Stored items:
---------------
Lemma regularly_varying_doubling : exists2 rho, 1 < rho &
  (exists T, forall t, T < t -> rho < H (t * 2) / H t) /\
  (exists T, forall t, T < t -> rho < H (- (t * 2)) / H (- t)).
Proof.
have two_alpha : 1 < 2 `^ alpha.
  by rewrite /powR pnatr_eq0 expR_gt1 mulr_gt0 // ln_gt0 // ltr1n.
pose rho := (1 + 2 `^ alpha) / 2.
have rho_lt : rho < 2 `^ alpha by rewrite /rho; lra.
exists rho; first by rewrite /rho; lra.
have [Hy HNy] := H_rv (ltr0Sn R 1).
split.
  by have [T [_ HT]] := cvgr_gt _ Hy _ rho_lt; exists T => t tT; apply: HT.
move: HNy; rewrite cvgNy_compNP => HNy.
have [T [_ HT]] := cvgr_gt _ HNy _ rho_lt.
by exists T => t tT; rewrite -mulNr; apply: HT.
Qed.

Lemma regularly_varying_expR_decay n beta : 0 < beta ->
  exists K, forall x, bracket x ^+ n * expR (- (beta * H x)) <= K.
Proof.
move=> beta_gt0; have [rho rho_gt1 [ratio_right ratio_left]] := regularly_varying_doubling.
have [K1 [T1 right]] := doubling_tail_bound rho_gt1 H_nondecr ratio_right n beta_gt0 H_min.
have H_nondecrN x y : - mu <= x -> x <= y -> H (- x) <= H (- y).
  by move=> mx xy; apply: H_nonincr; rewrite ?lerN2 // lerNl.
have [K2 [T2 left]] := doubling_tail_bound (G := fun t => H (- t)) rho_gt1 H_nondecrN
  ratio_left n beta_gt0 (fun x => H_min (- x)).
pose T := Num.max T1 T2.
exists (Num.max K1 (Num.max K2 (bracket T ^+ n * expR (- (beta * H mu))))) => x.
have [xT1|xT1] := lerP T1 x; first by rewrite !le_max right.
have [xT2|xT2] := lerP x (- T2).
  have := left (- x); rewrite bracketN opprK => lx.
  by rewrite !le_max lx ?orbT // lerNr.
rewrite !le_max; apply/orP; right; apply/orP; right.
apply: ler_pM; rewrite ?bracketX_ge0 ?expR_ge0 //.
  apply: le_bracketX.
  have T1T : T1 <= T by rewrite le_max lexx.
  have T2T : T2 <= T by rewrite le_max lexx orbT.
  by apply: le_trans (ler_norm T); rewrite ler_norml; apply/andP; split; lra.
by rewrite ler_expR lerN2 ler_wpM2l // ltW.
Qed.

End RegularlyVaryingDecay.

Lemma variance_identity_field (F : numFieldType) (Z a b c d e g beta : F) : beta != 0 ->
  Z + beta * b = 0 -> b + a + beta * c = 0 -> 2 * b + g + beta * e = 0 ->
  (c / Z - a / Z * (b / Z)) / 2 - (d / Z - a / Z * (a / Z)) + (g - b) / Z / (4 * beta)
  = - ((d - c + e / 4) / Z - (a - b / 2) / Z * ((a - b / 2) / Z)).
Proof.
move=> beta0 eqA eqB eqC.
(* For Z = 0 both sides vanish, since x / 0 = 0. *)
have [->|Z0] := eqVneq Z 0; first by rewrite invr0; ring.
have ZE : Z = - (beta * b) by apply/eqP; rewrite -subr_eq0 opprK eqA.
have aE : a = - b - beta * c by apply/eqP; rewrite -subr_eq0 -eqB; apply/eqP; ring.
have gE : g = - 2 * b - beta * e by apply/eqP; rewrite -subr_eq0 -eqC; apply/eqP; ring.
rewrite ZE in Z0 *; rewrite aE gE; field.
by move: Z0; rewrite oppr_eq0 mulf_eq0 negb_or andbC.
Qed.

Section WeightedIntegrals.
Local Open Scope classical_set_scope.
Variables (R : realType) (f : R -> R) (beta : R).
Local Notation leb := (@lebesgue_measure R).
Local Notation h := (hfun f).
Local Notation h' := (derive1 (hfun f)).
Hypotheses (f_gt0 : forall x, 0 < f x) (h_derivable : forall x, derivable h x 1)
  (weight_decay : forall n, exists K, forall x, bracket x ^+ n * f x `^ beta <= K).

Definition wint (g : R -> R) : R := \int[leb]_x (g x * f x `^ beta).

Lemma powR_hfun x : f x `^ beta = expR (beta * h x).
Proof. by rewrite /powR gt_eqF. Qed.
---------------
_Brief_
From the first line to the last, retype the data exactly.

_Answer to this exercise_
Lemma regularly_varying_doubling : exists2 rho, 1 < rho &
  (exists T, forall t, T < t -> rho < H (t * 2) / H t) /\
  (exists T, forall t, T < t -> rho < H (- (t * 2)) / H (- t)).
Proof.
have two_alpha : 1 < 2 `^ alpha.
  by rewrite /powR pnatr_eq0 expR_gt1 mulr_gt0 // ln_gt0 // ltr1n.
pose rho := (1 + 2 `^ alpha) / 2.
have rho_lt : rho < 2 `^ alpha by rewrite /rho; lra.
exists rho; first by rewrite /rho; lra.
have [Hy HNy] := H_rv (ltr0Sn R 1).
split.
  by have [T [_ HT]] := cvgr_gt _ Hy _ rho_lt; exists T => t tT; apply: HT.
move: HNy; rewrite cvgNy_compNP => HNy.
have [T [_ HT]] := cvgr_gt _ HNy _ rho_lt.
by exists T => t tT; rewrite -mulNr; apply: HT.
Qed.

Lemma regularly_varying_expR_decay n beta : 0 < beta ->
  exists K, forall x, bracket x ^+ n * expR (- (beta * H x)) <= K.
Proof.
move=> beta_gt0; have [rho rho_gt1 [ratio_right ratio_left]] := regularly_varying_doubling.
have [K1 [T1 right]] := doubling_tail_bound rho_gt1 H_nondecr ratio_right n beta_gt0 H_min.
have H_nondecrN x y : - mu <= x -> x <= y -> H (- x) <= H (- y).
  by move=> mx xy; apply: H_nonincr; rewrite ?lerN2 // lerNl.
have [K2 [T2 left]] := doubling_tail_bound (G := fun t => H (- t)) rho_gt1 H_nondecrN
  ratio_left n beta_gt0 (fun x => H_min (- x)).
pose T := Num.max T1 T2.
exists (Num.max K1 (Num.max K2 (bracket T ^+ n * expR (- (beta * H mu))))) => x.
have [xT1|xT1] := lerP T1 x; first by rewrite !le_max right.
have [xT2|xT2] := lerP x (- T2).
  have := left (- x); rewrite bracketN opprK => lx.
  by rewrite !le_max lx ?orbT // lerNr.
rewrite !le_max; apply/orP; right; apply/orP; right.
apply: ler_pM; rewrite ?bracketX_ge0 ?expR_ge0 //.
  apply: le_bracketX.
  have T1T : T1 <= T by rewrite le_max lexx.
  have T2T : T2 <= T by rewrite le_max lexx orbT.
  by apply: le_trans (ler_norm T); rewrite ler_norml; apply/andP; split; lra.
by rewrite ler_expR lerN2 ler_wpM2l // ltW.
Qed.

End RegularlyVaryingDecay.

Lemma variance_identity_field (F : numFieldType) (Z a b c d e g beta : F) : beta != 0 ->
  Z + beta * b = 0 -> b + a + beta * c = 0 -> 2 * b + g + beta * e = 0 ->
  (c / Z - a / Z * (b / Z)) / 2 - (d / Z - a / Z * (a / Z)) + (g - b) / Z / (4 * beta)
  = - ((d - c + e / 4) / Z - (a - b / 2) / Z * ((a - b / 2) / Z)).
Proof.
move=> beta0 eqA eqB eqC.
(* For Z = 0 both sides vanish, since x / 0 = 0. *)
have [->|Z0] := eqVneq Z 0; first by rewrite invr0; ring.
have ZE : Z = - (beta * b) by apply/eqP; rewrite -subr_eq0 opprK eqA.
have aE : a = - b - beta * c by apply/eqP; rewrite -subr_eq0 -eqB; apply/eqP; ring.
have gE : g = - 2 * b - beta * e by apply/eqP; rewrite -subr_eq0 -eqC; apply/eqP; ring.
rewrite ZE in Z0 *; rewrite aE gE; field.
by move: Z0; rewrite oppr_eq0 mulf_eq0 negb_or andbC.
Qed.

Section WeightedIntegrals.
Local Open Scope classical_set_scope.
Variables (R : realType) (f : R -> R) (beta : R).
Local Notation leb := (@lebesgue_measure R).
Local Notation h := (hfun f).
Local Notation h' := (derive1 (hfun f)).
Hypotheses (f_gt0 : forall x, 0 < f x) (h_derivable : forall x, derivable h x 1)
  (weight_decay : forall n, exists K, forall x, bracket x ^+ n * f x `^ beta <= K).

Definition wint (g : R -> R) : R := \int[leb]_x (g x * f x `^ beta).

Lemma powR_hfun x : f x `^ beta = expR (beta * h x).
Proof. by rewrite /powR gt_eqF. Qed.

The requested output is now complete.